§ Exercise aim: Go through the material and set down every line without alteration.

=== The records ===

(* Concatenation splits the integral [I = \int_0^{T+S} e^{-alpha(pi1 * pi2)}]
   as [I1 + e^{-alpha(pi1(T))} I2], by additivity over [[0,T] U [T,T+S]] and a
   translation by [T].  Since [eps] and [phi] are logarithms of these
   integrals, the crystal identities become identities between the positive
   reals [I1], [I2], [e^{alpha(pi1(T))}].  For [e^c_alpha], the partial
   integral of [pi1 * pi2] at a time [t > T] is [I1 + e^{-alpha(pi1(T))} J]
   with [J] the partial integral of [pi2] at [t - T], and
   [1 + (e^c - 1)(I1 + e^{-k} J)/I] factors as [e^{c1}] (the total shift of
   [e^{c1}_alpha pi1] at time [T]) times the factor of [e^{c2}_alpha pi2]. *)

Section real_analysis.
Context {R : realType}.
Local Notation mu := (@lebesgue_measure R).

Lemma within_continuous_comp_into {V : topologicalType} {A B : set R}
    {f : R -> V} {g : R -> R} :
  {within B, continuous f} -> continuous g -> (forall x, A x -> B (g x)) ->
  {within A, continuous (f \o g)}.
Proof.
move=> /subspace_continuousP cf cg gAB; apply/subspace_continuousP => x Ax P fP.
have fBP : nbhs (g x) (fun y => B y -> P (f y)) := cf _ (gAB _ Ax) P fP.
have gfBP : nbhs x (fun y => B (g y) -> P (f (g y))) := cg x _ fBP.
by apply: filterS gfBP => y By Ay; exact: By (gAB _ Ay).
Qed.

Lemma Rintegral_itv_shift (g : R -> R) (a b h : R) : a <= b ->
  {within `[a + h, b + h], continuous g} ->
  \int[mu]_(x in `[a + h, b + h]) g x = \int[mu]_(x in `[a, b]) g (x + h).
Proof.
move=> ab cg.
have shift_derive : ((shift h : R -> R)^`())%classic = cst 1.
  apply/funext => x; rewrite derive1E.
  by have := is_derive_shift x 1 h => /@derive_val ->.
rewrite -[a + h]/(shift h a) -[b + h]/(shift h b) /Rintegral.
rewrite integration_by_substitution_increasing//.
- by congr fine; apply: eq_integral => x _; rewrite shift_derive /= mulr1.
- by move=> x y _ _; rewrite /shift ltrD2r.
- by rewrite shift_derive => x _; exact: cst_continuous.
- by rewrite shift_derive; exact: is_cvg_cst.
- by rewrite shift_derive; exact: is_cvg_cst.
- split.
  + by move=> x _; apply: derivableD; [exact: derivable_id | exact: derivable_cst].
  + by apply: cvg_at_right_filter; apply: cvgD; [exact: cvg_id | exact: cvg_cst].
  + by apply: cvg_at_left_filter; apply: cvgD; [exact: cvg_id | exact: cvg_cst].
Qed.

Lemma Rintegral_itv_splitr (f : R -> R) (a m b : R) : a <= m <= b ->
  mu.-integrable `[a, b] (EFin \o f) ->
  \int[mu]_(x in `[a, b]) f x =
  \int[mu]_(x in `[a, m]) f x + \int[mu]_(x in `[m, b]) f x.
Proof.
move=> /andP[am mb] intf.
have := @Rintegral_itvB _ f (BLeft a) (BRight b) m intf.
rewrite !bnd_simp am mb => /(_ isT isT) /eqP; rewrite subr_eq => /eqP ->.
rewrite addrC Rintegral_itv_obnd_cbnd//.
by apply: integrableS intf => //; apply: subset_itvr; rewrite bnd_simp.
Qed.

Lemma scalerD_split (V : lmodType R) (u v w : V) (r r1 r2 : R) : r = r1 + r2 ->
  u + v + r *: w = (u + r1 *: w) + (v + r2 *: w).
Proof. by move=> ->; rewrite scalerDl addrACA. Qed.

Lemma expRN_ln (x : R) : 0 < x -> expR (- ln x) = x^-1.
Proof. by move=> x0; rewrite expRN lnK ?posrE. Qed.

Lemma convex_combination_gt0 (E s : R) : 0 < E -> 0 <= s <= 1 -> 0 < 1 + (E - 1) * s.
Proof. by move=> E0 /andP[s0 s1]; nra. Qed.

End real_analysis.

Section paths.
Context {R : realType} {n : nat} (a : 'cV[R]_n).
Local Notation mu := (@lebesgue_measure R).
Implicit Types (p : R -> 'rV[R]_n) (L T S t : R).

Lemma pairingD (x y : 'rV[R]_n) : pairing (x + y) a = pairing x a + pairing y a.
Proof. by rewrite /pairing mulmxDl mxE. Qed.

Lemma pairing_continuous : continuous (fun x : 'rV[R]_n => pairing x a).
Proof.
have -> : (fun x : 'rV[R]_n => pairing x a) = (fun x => \sum_j x 0 j * a j 0).
  by apply/funext => x; rewrite /pairing mxE.
apply: continuous_big; first exact: add_continuous.
move=> j _ x; apply: continuousM; last exact: cst_continuous.
exact: coord_continuous.
Qed.

Local Notation weight p := (fun s => expR (- pairing (p s) a)).

Lemma is_path_weight_continuous L p : is_path L p ->
  {within `[0, L], continuous (weight p)}.
Proof.
move=> [cp _].
apply: (within_continuous_comp _ _ (fun x => expR (- pairing x a))) => //.
move=> x _; apply: continuous_comp; last exact: continuous_expR.
apply: continuous_comp; [exact: pairing_continuous | exact: opp_continuous].
Qed.

Lemma is_path_weight_integrable L p t : is_path L p -> t <= L ->
  mu.-integrable `[0, t] (EFin \o weight p).
Proof.
move=> hp tL; apply: continuous_compact_integrable; first exact: segment_compact.
apply: (continuous_subspaceW _ (is_path_weight_continuous _ _ hp)) => x /=.
by rewrite !in_itv /= => /andP[-> /le_trans]; apply.
Qed.

Lemma Iexp_ge0 p t : 0 <= Iexp a p t.
Proof. by apply: Rintegral_ge0 => x _; exact: expR_ge0. Qed.

Lemma Iexp_le L p t : is_path L p -> 0 <= t <= L -> Iexp a p t <= Iexp a p L.
Proof.
move=> hp tL; rewrite /Iexp (Rintegral_itv_splitr _ _ _ _ tL) ?lerDl.
  by apply: Rintegral_ge0 => x _; exact: expR_ge0.
exact: is_path_weight_integrable _ _ _ hp (lexx L).
Qed.

Lemma Iexp_gt0 L p : is_path L p -> 0 < L -> 0 < Iexp a p L.
Proof.
move=> hp L0.
have [c _ cmin] := EVT_min (ltW L0) (is_path_weight_continuous _ _ hp).
apply: (@lt_le_trans _ _ (\int[mu]_(s in `[0, L]) expR (- pairing (p c) a))).
  rewrite Rintegral_cst//= lebesgue_measure_itv /= lte_fin L0 /= subr0.
  by rewrite mulr_gt0 ?expR_gt0.
apply: le_Rintegral => //; last exact: is_path_weight_integrable _ _ _ hp (lexx L).
apply: continuous_compact_integrable; first exact: segment_compact.
by apply: continuous_subspaceT => x; exact: cst_continuous.
Qed.

Lemma concat_le T p1 p2 t : t <= T -> concat T p1 p2 t = p1 t.
Proof. by move=> tT; rewrite /concat tT. Qed.

Lemma concat_gt T p1 p2 t : T < t -> concat T p1 p2 t = p1 T + p2 (t - T).
Proof. by move=> Tt; rewrite /concat leNgt Tt. Qed.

===

§ Task response:
(* Concatenation splits the integral [I = \int_0^{T+S} e^{-alpha(pi1 * pi2)}]
   as [I1 + e^{-alpha(pi1(T))} I2], by additivity over [[0,T] U [T,T+S]] and a
   translation by [T].  Since [eps] and [phi] are logarithms of these
   integrals, the crystal identities become identities between the positive
   reals [I1], [I2], [e^{alpha(pi1(T))}].  For [e^c_alpha], the partial
   integral of [pi1 * pi2] at a time [t > T] is [I1 + e^{-alpha(pi1(T))} J]
   with [J] the partial integral of [pi2] at [t - T], and
   [1 + (e^c - 1)(I1 + e^{-k} J)/I] factors as [e^{c1}] (the total shift of
   [e^{c1}_alpha pi1] at time [T]) times the factor of [e^{c2}_alpha pi2]. *)

Section real_analysis.
Context {R : realType}.
Local Notation mu := (@lebesgue_measure R).

Lemma within_continuous_comp_into {V : topologicalType} {A B : set R}
    {f : R -> V} {g : R -> R} :
  {within B, continuous f} -> continuous g -> (forall x, A x -> B (g x)) ->
  {within A, continuous (f \o g)}.
Proof.
move=> /subspace_continuousP cf cg gAB; apply/subspace_continuousP => x Ax P fP.
have fBP : nbhs (g x) (fun y => B y -> P (f y)) := cf _ (gAB _ Ax) P fP.
have gfBP : nbhs x (fun y => B (g y) -> P (f (g y))) := cg x _ fBP.
by apply: filterS gfBP => y By Ay; exact: By (gAB _ Ay).
Qed.

Lemma Rintegral_itv_shift (g : R -> R) (a b h : R) : a <= b ->
  {within `[a + h, b + h], continuous g} ->
  \int[mu]_(x in `[a + h, b + h]) g x = \int[mu]_(x in `[a, b]) g (x + h).
Proof.
move=> ab cg.
have shift_derive : ((shift h : R -> R)^`())%classic = cst 1.
  apply/funext => x; rewrite derive1E.
  by have := is_derive_shift x 1 h => /@derive_val ->.
rewrite -[a + h]/(shift h a) -[b + h]/(shift h b) /Rintegral.
rewrite integration_by_substitution_increasing//.
- by congr fine; apply: eq_integral => x _; rewrite shift_derive /= mulr1.
- by move=> x y _ _; rewrite /shift ltrD2r.
- by rewrite shift_derive => x _; exact: cst_continuous.
- by rewrite shift_derive; exact: is_cvg_cst.
- by rewrite shift_derive; exact: is_cvg_cst.
- split.
  + by move=> x _; apply: derivableD; [exact: derivable_id | exact: derivable_cst].
  + by apply: cvg_at_right_filter; apply: cvgD; [exact: cvg_id | exact: cvg_cst].
  + by apply: cvg_at_left_filter; apply: cvgD; [exact: cvg_id | exact: cvg_cst].
Qed.

Lemma Rintegral_itv_splitr (f : R -> R) (a m b : R) : a <= m <= b ->
  mu.-integrable `[a, b] (EFin \o f) ->
  \int[mu]_(x in `[a, b]) f x =
  \int[mu]_(x in `[a, m]) f x + \int[mu]_(x in `[m, b]) f x.
Proof.
move=> /andP[am mb] intf.
have := @Rintegral_itvB _ f (BLeft a) (BRight b) m intf.
rewrite !bnd_simp am mb => /(_ isT isT) /eqP; rewrite subr_eq => /eqP ->.
rewrite addrC Rintegral_itv_obnd_cbnd//.
by apply: integrableS intf => //; apply: subset_itvr; rewrite bnd_simp.
Qed.

Lemma scalerD_split (V : lmodType R) (u v w : V) (r r1 r2 : R) : r = r1 + r2 ->
  u + v + r *: w = (u + r1 *: w) + (v + r2 *: w).
Proof. by move=> ->; rewrite scalerDl addrACA. Qed.

Lemma expRN_ln (x : R) : 0 < x -> expR (- ln x) = x^-1.
Proof. by move=> x0; rewrite expRN lnK ?posrE. Qed.

Lemma convex_combination_gt0 (E s : R) : 0 < E -> 0 <= s <= 1 -> 0 < 1 + (E - 1) * s.
Proof. by move=> E0 /andP[s0 s1]; nra. Qed.

End real_analysis.

Section paths.
Context {R : realType} {n : nat} (a : 'cV[R]_n).
Local Notation mu := (@lebesgue_measure R).
Implicit Types (p : R -> 'rV[R]_n) (L T S t : R).

Lemma pairingD (x y : 'rV[R]_n) : pairing (x + y) a = pairing x a + pairing y a.
Proof. by rewrite /pairing mulmxDl mxE. Qed.

Lemma pairing_continuous : continuous (fun x : 'rV[R]_n => pairing x a).
Proof.
have -> : (fun x : 'rV[R]_n => pairing x a) = (fun x => \sum_j x 0 j * a j 0).
  by apply/funext => x; rewrite /pairing mxE.
apply: continuous_big; first exact: add_continuous.
move=> j _ x; apply: continuousM; last exact: cst_continuous.
exact: coord_continuous.
Qed.

Local Notation weight p := (fun s => expR (- pairing (p s) a)).

Lemma is_path_weight_continuous L p : is_path L p ->
  {within `[0, L], continuous (weight p)}.
Proof.
move=> [cp _].
apply: (within_continuous_comp _ _ (fun x => expR (- pairing x a))) => //.
move=> x _; apply: continuous_comp; last exact: continuous_expR.
apply: continuous_comp; [exact: pairing_continuous | exact: opp_continuous].
Qed.

Lemma is_path_weight_integrable L p t : is_path L p -> t <= L ->
  mu.-integrable `[0, t] (EFin \o weight p).
Proof.
move=> hp tL; apply: continuous_compact_integrable; first exact: segment_compact.
apply: (continuous_subspaceW _ (is_path_weight_continuous _ _ hp)) => x /=.
by rewrite !in_itv /= => /andP[-> /le_trans]; apply.
Qed.

Lemma Iexp_ge0 p t : 0 <= Iexp a p t.
Proof. by apply: Rintegral_ge0 => x _; exact: expR_ge0. Qed.

Lemma Iexp_le L p t : is_path L p -> 0 <= t <= L -> Iexp a p t <= Iexp a p L.
Proof.
move=> hp tL; rewrite /Iexp (Rintegral_itv_splitr _ _ _ _ tL) ?lerDl.
  by apply: Rintegral_ge0 => x _; exact: expR_ge0.
exact: is_path_weight_integrable _ _ _ hp (lexx L).
Qed.

Lemma Iexp_gt0 L p : is_path L p -> 0 < L -> 0 < Iexp a p L.
Proof.
move=> hp L0.
have [c _ cmin] := EVT_min (ltW L0) (is_path_weight_continuous _ _ hp).
apply: (@lt_le_trans _ _ (\int[mu]_(s in `[0, L]) expR (- pairing (p c) a))).
  rewrite Rintegral_cst//= lebesgue_measure_itv /= lte_fin L0 /= subr0.
  by rewrite mulr_gt0 ?expR_gt0.
apply: le_Rintegral => //; last exact: is_path_weight_integrable _ _ _ hp (lexx L).
apply: continuous_compact_integrable; first exact: segment_compact.
by apply: continuous_subspaceT => x; exact: cst_continuous.
Qed.

Lemma concat_le T p1 p2 t : t <= T -> concat T p1 p2 t = p1 t.
Proof. by move=> tT; rewrite /concat tT. Qed.

Lemma concat_gt T p1 p2 t : T < t -> concat T p1 p2 t = p1 T + p2 (t - T).
Proof. by move=> Tt; rewrite /concat leNgt Tt. Qed.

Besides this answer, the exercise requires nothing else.